YOUR OBJECTIVE:
The word "intrM": say how many lines of the data below contain it, and give the number alone.

SUPPLIED MATERIAL:
┌──

(* Let $D$ be a square-free integer, let $\mathbb{Z}[\sqrt{D}]$ denote the ring of integers of $\mathbb{Q}(\sqrt{D})$, and let $p$ be a prime integer which is irreducible but not prime in $\mathbb{Z}[\sqrt{D}]$. Let $z\in I_p(D)$. Then (1) $p$ divides $\lVert z\rVert$ in $\mathbb{Z}$, and (2) $\bar{z}\in I_p(D)$. Moreover, for any integer $t\in\mathbb{Z}$, $(\mathbb{Z}\cup R^*\cup tR^* )\cap I_p(D)=\emptyset$, where $R^*=\mathbb{Z}[\sqrt{D}]^{\times}$ is the unit group and $tR^*=\{tu: u\in R^*\}$.
   Context: Here $\mathbb{Z}[\sqrt{D}]=\{a+b\sqrt{D}:a,b\in\mathbb{Z}\}$ if $D\equiv 2,3 \pmod 4$ and $\mathbb{Z}[\sqrt{D}]=\{\frac{a+b\sqrt{D}}{2}:a,b\in\mathbb{Z},\ a\equiv b \pmod 2\}$ if $D\equiv 1\pmod 4$. For $z=x+y\sqrt{D}$ (with $x,y\in\mathbb{Q}$), $\bar z=x-y\sqrt{D}$ is its conjugate and $\lVert z\rVert=z\bar z$ its norm. $\langle a_1,\dots,a_k\rangle$ denotes the ideal generated by $a_1,\dots,a_k$. $I_p(D)$ is the set of all non-unit $z\in\mathbb{Z}[\sqrt{D}]$ such that $z\notin\langle p\rangle$ but there exists $m\in\mathbb{Z}[\sqrt{D}]$ with $m\notin\langle p\rangle$ and $zm\in\langle p\rangle$. *)

From HB Require Import structures.
From mathcomp Require Import all_boot all_order all_algebra.
Set Implicit Arguments. Unset Strict Implicit. Unset Printing Implicit Defensive.
Import Order.TTheory GRing.Theory Num.Theory.
Local Open Scope ring_scope.

(* Elements of Q(sqrt D) are represented as pairs (x, y) of rationals,
   standing for x + y sqrt D. *)
Definition qd := (rat * rat)%type.

Definition squarefree (D : int) : Prop :=
  D != 0 /\ forall n : int, (n * n %| D)%Z -> `|n| = 1.

Definition is_int (x : rat) : Prop := exists a : int, x = a%:~R.

Definition inR (D : int) (z : qd) : Prop :=
  if (D %% 4)%Z == 1 then
    exists a b : int, (a %% 2)%Z = (b %% 2)%Z /\ z = (a%:~R / 2, b%:~R / 2)
  else is_int z.1 /\ is_int z.2.

Definition qmul (D : int) (z w : qd) : qd :=
  (z.1 * w.1 + D%:~R * z.2 * w.2, z.1 * w.2 + z.2 * w.1).

Definition qconj (z : qd) : qd := (z.1, - z.2).

Definition qnorm (D : int) (z : qd) : rat := z.1 ^+ 2 - D%:~R * z.2 ^+ 2.

Definition qone : qd := (1, 0).
Definition qzero : qd := (0, 0).
Definition ofint (t : int) : qd := (t%:~R, 0).

Definition isunit (D : int) (z : qd) : Prop :=
  inR D z /\ exists w, inR D w /\ qmul D z w = qone.

Definition in_ideal (D : int) (a z : qd) : Prop :=
  exists m, inR D m /\ z = qmul D a m.

Definition irreducibleR (D : int) (a : qd) : Prop :=
  inR D a /\ a <> qzero /\ ~ isunit D a /\
  forall b c, inR D b -> inR D c -> a = qmul D b c -> isunit D b \/ isunit D c.

Definition primeR (D : int) (a : qd) : Prop :=
  inR D a /\ a <> qzero /\ ~ isunit D a /\
  forall b c, inR D b -> inR D c -> in_ideal D a (qmul D b c) ->
    in_ideal D a b \/ in_ideal D a c.

Definition Ip (D : int) (p : nat) (z : qd) : Prop :=
  inR D z /\ ~ isunit D z /\ ~ in_ideal D (ofint p%:Z) z /\
  exists m, inR D m /\ ~ in_ideal D (ofint p%:Z) m /\
            in_ideal D (ofint p%:Z) (qmul D z m).

(** The norm [N z = z * conj z] is an integer for [z] in Z[sqrt D]. If [z m] lies in
    [<p>] but [m] does not, then [p] must divide [N z]: otherwise a Bezout relation
    [u p + v N z = 1] gives [m = u p m + v conj(z) (z m)], which lies in [<p>].
    Conjugation is a ring automorphism fixing [p], so it preserves [I_p(D)].
    Finally [N (t u) = t^2 N u] with [N u] a unit of Z, so [p | N (t u)] forces
    [p | t] and hence [t u] lies in [<p>]; integers are the case [u = 1]. *)
From HB Require Import structures.
From mathcomp Require Import all_boot all_order all_algebra ring.
Import Order.TTheory GRing.Theory Num.Theory.
Local Open Scope ring_scope.

Lemma is_intP (x : rat) : is_int x <-> x \is a Num.int.
Proof. by split => [[a ->]|/intrP]. Qed.

Lemma modz2_eq_split (a b : int) :
  (a %% 2)%Z = (b %% 2)%Z -> a = b + (divz a 2 - divz b 2) * 2.
Proof. by move=> ab; rewrite {1}(intdiv.divz_eq a 2) {1}(intdiv.divz_eq b 2) ab; ring. Qed.

Lemma prime_dvdz_sqr (p : nat) (n : int) : prime p -> (p %| n * n)%Z -> (p %| n)%Z.
Proof. by move=> p_pr; rewrite !dvdzE abszM Euclid_dvdM // orbb. Qed.

Section QuadraticIntegers.

Set Implicit Arguments.
Unset Strict Implicit.

Variable D : int.

Definition qadd (z w : qd) : qd := (z.1 + w.1, z.2 + w.2).

Lemma inR_halfP {z} : (D %% 4)%Z = 1 ->
  inR D z <-> exists b e : int, z = ((b + e * 2)%:~R / 2, b%:~R / 2).
Proof.
move=> D1; rewrite /inR D1 eqxx; split.
  by move=> [a [b [ab ->]]]; exists b, (divz a 2 - divz b 2); rewrite -modz2_eq_split.
by move=> [b [e ->]]; exists (b + e * 2), b; rewrite addrC modzMDl.
Qed.

Lemma inR_intP {z} : (D %% 4)%Z != 1 ->
  inR D z <-> z.1 \is a Num.int /\ z.2 \is a Num.int.
Proof. by move=> D1; rewrite /inR (negbTE D1) !is_intP. Qed.

Lemma modz4_1_split : (D %% 4)%Z = 1 -> D = divz D 4 * 4 + 1.
Proof. by move=> D1; rewrite {1}(intdiv.divz_eq D 4) D1. Qed.

Lemma inR_ofint t : inR D (ofint t).
Proof.
have [D1|D1] := eqVneq (D %% 4)%Z 1.
  by apply/(inR_halfP D1); exists 0, t; rewrite /ofint add0r intrM; congr (_, _); field.
by apply/(inR_intP D1); rewrite /= rpred_int rpred0.
Qed.

Lemma inR_add z w : inR D z -> inR D w -> inR D (qadd z w).
Proof.
have [D1|D1] := eqVneq (D %% 4)%Z 1.
  rewrite !(inR_halfP D1) => -[b [e ->]] [c [f ->]].
  by exists (b + c), (e + f); rewrite /qadd /= !intrD; congr (_, _); ring.
rewrite !(inR_intP D1) => -[? ?] [? ?]; split; exact: rpredD.
Qed.

Lemma inR_mul z w : inR D z -> inR D w -> inR D (qmul D z w).
Proof.
have [D1|D1] := eqVneq (D %% 4)%Z 1.
  rewrite !(inR_halfP D1) (modz4_1_split D1) => -[b [e ->]] [c [f ->]].
  exists (b * c + e * c + b * f), (e * f + divz D 4 * b * c).
  by rewrite /qmul /= !(intrD, intrM); congr (_, _); field.
rewrite !(inR_intP D1) /qmul /= => -[? ?] [? ?].
by split; rewrite ?rpredD ?rpredM ?rpred_int.
Qed.

Lemma inR_conj z : inR D z -> inR D (qconj z).
Proof.
have [D1|D1] := eqVneq (D %% 4)%Z 1.
  rewrite !(inR_halfP D1) => -[b [e ->]].
  by exists (- b), (e + b); rewrite /qconj /= !(intrD, mulrNz); congr (_, _); ring.
by rewrite !(inR_intP D1) /= => -[? ?]; rewrite rpredN.
Qed.

Lemma qnorm_int z : inR D z -> qnorm D z \is a Num.int.
Proof.
have [D1|D1] := eqVneq (D %% 4)%Z 1.
  rewrite (inR_halfP D1) (modz4_1_split D1) => -[b [e ->]].
  apply/intrP; exists (b * e + e * e - divz D 4 * b * b).
  by rewrite /qnorm /= !(intrD, intrB, intrM); field.
by rewrite (inR_intP D1) /qnorm => -[? ?]; rewrite rpredB ?rpredM ?rpredX ?rpred_int.
Qed.

Lemma qconjK z : qconj (qconj z) = z.
Proof. by case: z => a b; rewrite /qconj opprK. Qed.

Lemma qconj_mul z w : qconj (qmul D z w) = qmul D (qconj z) (qconj w).
Proof. by case: z w => a b [c d]; rewrite /qconj /qmul /=; congr (_, _); ring. Qed.

Lemma qconj_ofint t : qconj (ofint t) = ofint t.
Proof. by rewrite /qconj oppr0. Qed.

Lemma qnorm_mul z w : qnorm D (qmul D z w) = qnorm D z * qnorm D w.
Proof. by case: z w => a b [c d]; rewrite /qnorm /qmul /=; ring. Qed.

Lemma qnorm_ofint t : qnorm D (ofint t) = t%:~R ^+ 2.
Proof. by rewrite /qnorm /= expr0n mulr0 subr0. Qed.

Lemma qmul_qone z : qmul D z qone = z.
Proof. by case: z => a b; rewrite /qmul /=; congr (_, _); ring. Qed.

Lemma isunit_qone : isunit D qone.
Proof.
split; first exact: (inR_ofint 1).
by exists qone; split; [exact: (inR_ofint 1) | exact: qmul_qone].
Qed.

Lemma isunit_conj z : isunit D z -> isunit D (qconj z).
Proof.
move=> [zR [w [wR zw]]]; split; first exact: inR_conj.
exists (qconj w); split; first exact: inR_conj.
by rewrite -qconj_mul zw /qconj oppr0.
Qed.

Lemma isunit_qnorm u : isunit D u -> exists j : int, qnorm D u * j%:~R = 1.
Proof.
move=> [_ [w [wR uw]]]; have /intrP[j Nw] := qnorm_int wR.
by exists j; rewrite -Nw -qnorm_mul uw /qnorm /=; ring.
Qed.

Lemma in_ideal_add a x y :
  in_ideal D a x -> in_ideal D a y -> in_ideal D a (qadd x y).
Proof.
move=> [m [mR ->]] [n [nR ->]]; exists (qadd m n); split; first exact: inR_add.
by rewrite /qadd /qmul /=; congr (_, _); ring.
Qed.

Lemma in_ideal_mull a w x :
  inR D w -> in_ideal D a x -> in_ideal D a (qmul D w x).
Proof.
move=> wR [m [mR ->]]; exists (qmul D w m); split; first exact: inR_mul.
by rewrite /qmul /=; congr (_, _); ring.
Qed.

Lemma in_ideal_ofint_conj t x :
  in_ideal D (ofint t) x -> in_ideal D (ofint t) (qconj x).
Proof.
move=> [m [mR ->]]; exists (qconj m); split; first exact: inR_conj.
by rewrite qconj_mul qconj_ofint.
Qed.

Lemma in_ideal_ofint_dvd (p t : int) u :
  (p %| t)%Z -> inR D u -> in_ideal D (ofint p) (qmul D (ofint t) u).
Proof.
move=> /dvdzP[s ->] uR; exists (qmul D (ofint s) u); split.
  by apply: inR_mul => //; exact: inR_ofint.
by rewrite /qmul /= intrM; congr (_, _); ring.
Qed.

Lemma bezout_norm_split (u v p : int) z (m : qd) :
  u%:~R * p%:~R + v%:~R * qnorm D z = 1 :> rat ->
  m = qadd (qmul D (ofint u) (qmul D (ofint p) m))
           (qmul D (ofint v) (qmul D (qconj z) (qmul D z m))).
Proof.
case: z m => a b [c d]; rewrite /qnorm /qadd /qmul /= => uv.
congr (_, _); [rewrite -[c in LHS]mul1r | rewrite -[d in LHS]mul1r].
  all: by rewrite -[1 in LHS]uv; ring.
Qed.

Lemma in_ideal_coprime_qnorm (p k : int) z m :
  inR D z -> inR D m -> qnorm D z = k%:~R -> coprimez p k ->
  in_ideal D (ofint p) (qmul D z m) -> in_ideal D (ofint p) m.
Proof.
move=> zR mR Nz /coprimezP[[u v] /= uv] zm.
have uv' : u%:~R * p%:~R + v%:~R * qnorm D z = 1 :> rat.
  by rewrite Nz -!intrM -intrD uv.
rewrite (bezout_norm_split m uv'); apply: in_ideal_add.
  apply: in_ideal_mull; first exact: inR_ofint.
  by exists m.
by apply: in_ideal_mull; [exact: inR_ofint | apply: in_ideal_mull; first exact: inR_conj].
Qed.

Lemma Ip_qnorm_dvd p z : prime p -> Ip D p z ->
  exists k : int, qnorm D z = (k * p%:Z)%:~R.
Proof.
move=> p_pr [zR [_ [_ [m [mR [mNp zm]]]]]].
have /intrP[k Nz] := qnorm_int zR.
have [/dvdzP[l kE]|pNk] := boolP (p%:Z %| k)%Z; first by exists l; rewrite Nz kE.
have p_k : coprimez p k.
  by rewrite /coprimez /gcdz /=; change (coprime p `|k|); rewrite prime_coprime.
by case: mNp; exact: in_ideal_coprime_qnorm Nz p_k zm.
Qed.

Lemma Ip_conj p z : Ip D p z -> Ip D p (qconj z).
Proof.
move=> [zR [zU [zNp [m [mR [mNp zm]]]]]].
split; first exact: inR_conj.
split; first by move/isunit_conj; rewrite qconjK.
split; first by move/in_ideal_ofint_conj; rewrite qconjK.
exists (qconj m); split; first exact: inR_conj.
split; first by move/in_ideal_ofint_conj; rewrite qconjK.
by rewrite -qconj_mul; exact: in_ideal_ofint_conj.
Qed.

Lemma Ip_ofint_mul_unit p t u : prime p -> isunit D u -> ~ Ip D p (qmul D (ofint t) u).
Proof.
move=> p_pr uU Ip_tu; have [k Ntu] := Ip_qnorm_dvd p_pr Ip_tu.
have [j Nu] := isunit_qnorm uU.
rewrite qnorm_mul qnorm_ofint in Ntu.
have tt : t * t = k * j * p%:Z.
  have /= t2 := congr1 ( *%R^~ j%:~R) Ntu; rewrite -mulrA Nu mulr1 in t2.
  by apply: (@intr_inj rat); rewrite !intrM -expr2 t2 intrM; ring.
have p_t : (p%:Z %| t)%Z.
  by apply: (prime_dvdz_sqr _ _ p_pr); rewrite tt; exact: dvdz_mull.
by case: Ip_tu => _ [_ [[]]]; apply: in_ideal_ofint_dvd p_t _; case: uU.
Qed.

End QuadraticIntegers.

Theorem proposition2p2 (D : int) (p : nat) :
  squarefree D -> D != 1 -> prime p ->
  irreducibleR D (ofint p%:Z) -> ~ primeR D (ofint p%:Z) ->
  (forall z, Ip D p z ->
     (exists k : int, qnorm D z = (k * p%:Z)%:~R) /\ Ip D p (qconj z)) /\
  (forall (t : int) (w : qd),
     ((exists n : int, w = ofint n) \/ isunit D w \/
      (exists u, isunit D u /\ w = qmul D (ofint t) u)) ->
     ~ Ip D p w).
Proof.
move=> _ _ p_pr _ _; split=> [z Ip_z|t w].
  by split; [exact: Ip_qnorm_dvd | exact: Ip_conj].
move=> [[n ->]|[wU|[u [uU ->]]]].
- by rewrite -(qmul_qone D (ofint n)); exact: Ip_ofint_mul_unit (isunit_qone D).
- by move=> [_ []].
- exact: Ip_ofint_mul_unit.
Qed.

└──

SOLUTION TO THE PROBLEM:
6